The mother says she has since reached out to the American Civil Liberties Union of Vermont and the LGBTQ media advocacy organization group GLAAD for assistance.

Initial media reports claimed that the entire volleyball team was “banned” from the locker room after people complained about the incident. 

But Layne Millington, the superintendent of the Orange Southwest Supervisory District, pushed back against that claim.

“The locker rooms were not shut down as a punishment or a consequence,” Millington said. “They were shut down really to kind of ensure student safety while the investigation is conducted, and the shutdown applied equally to all the members of the girls volleyball team.”

Millington also told VTDigger that the school is currently looking into a complaint of harassment, hazing or bullying. He said he could not elaborate due to federal privacy laws.

According to the Vermont Department of Education’s best practices for schools regarding trans and nonbinary students: “A transgender student should not be required to use a locker room or restroom that conflicts with the student’s gender identity.”

That hasn’t prevented an outpouring of hate, though. On Oct. 1, the school district’s website was hacked and filled with “hate speech, symbols, and photographs targeting transgender individuals,” according to a message from Millington seen by VTDigger.

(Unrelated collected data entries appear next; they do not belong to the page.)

Theorem corollary4p2 (K : fieldType) (n d : nat) :
  [pchar K]%R =i pred0 -> (3 <= n)%N -> (2 <= d)%N ->
  (forall mu : nat,
     (HF_S K n d - HF_S K n d.-1 <= mu <= beta n d)%N ->
     exists G : seq 'X_{1..n},
       [/\ min_gens_deg G mu d, artinian K G & fails_WLP_surj_in K G d.-1])
  /\ ((HF_S K n d - HF_S K n d.-1 <= beta n d)%N <-> ~ (n = 3 /\ d = 2)).
Proof.
move=> charK0 le3n le2d.
have two_neq0 : (2%:R != 0 :> K)%R by move/(_ 2): charK0; rewrite !inE /= => /negbT.
case: n le3n => [//|n] le3n; case: d le2d => [//|e] le2d /=.
have HF_succ : HF_S K n.+1 e.+1 = ('C(e + n, e.+1) + HF_S K n.+1 e)%N.
  by rewrite !HF_S_binom addSn binS.
have betaE : beta n.+1 e.+1 = ('C(e + n, e.+1) + HF_S K n.+1 e - beta_defect n.+1 e.+1)%N.
  by rewrite -HF_succ HF_S_binom /beta; congr ('C(_, _) - _)%N; lia.
have defect_le : (beta_defect n.+1 e.+1 <= HF_S K n.+1 e)%N <-> ~ (n.+1 = 3 /\ e.+1 = 2).
  by rewrite HF_S_binom; apply: beta_defect_leq_binom; lia.
have le_n_A : (n.+1 <= 'C(e + n, e.+1))%N by apply: binom_ge_succ; lia.
rewrite HF_succ addnK betaE; split; last first.
  by split=> [le_beta|/defect_le]; [apply/defect_le|]; lia.
move=> mu /andP [le_A_mu le_mu_beta].
have not_3_2 : ~ (n.+1 = 3 /\ e.+1 = 2) by apply/defect_le; lia.
have [c [kill_c c_pure c_m0 supp_c]] := exists_functional two_neq0 le3n le2d not_3_2.
pose nu := (HF_S K n.+1 e.+1 - mu)%N.
have le_supp_nu : (#|supp_deg c e.+1| <= nu)%N by rewrite /nu HF_succ; lia.
have le_nu : (nu + n.+1 <= HF_S K n.+1 e.+1)%N by rewrite /nu HF_succ; lia.
have [G [uniq_G size_G deg_G c_G pure_G]] := exists_gens_off_supp c_pure le_supp_nu le_nu.
exists G; split.
- by split=> //; rewrite size_G HF_succ; lia.
- exact: artinian_of_pure_powers pure_G.
apply: fails_WLP_surj_of_functional kill_c c_m0 uniq_G deg_G c_G _.
by rewrite size_G HF_succ; lia.
Qed.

Similar attacks have been lobbed against schools with pro-transgender policies, with some cisgender students claiming the presence of trans-identifying or nonbinary youth in locker rooms violates their right to bodily privacy.

The school district disabled its website and social media accounts in response. They also contacted local and federal law enforcement officials about the matter, with Millington saying the FBI is now investigating some of those threats.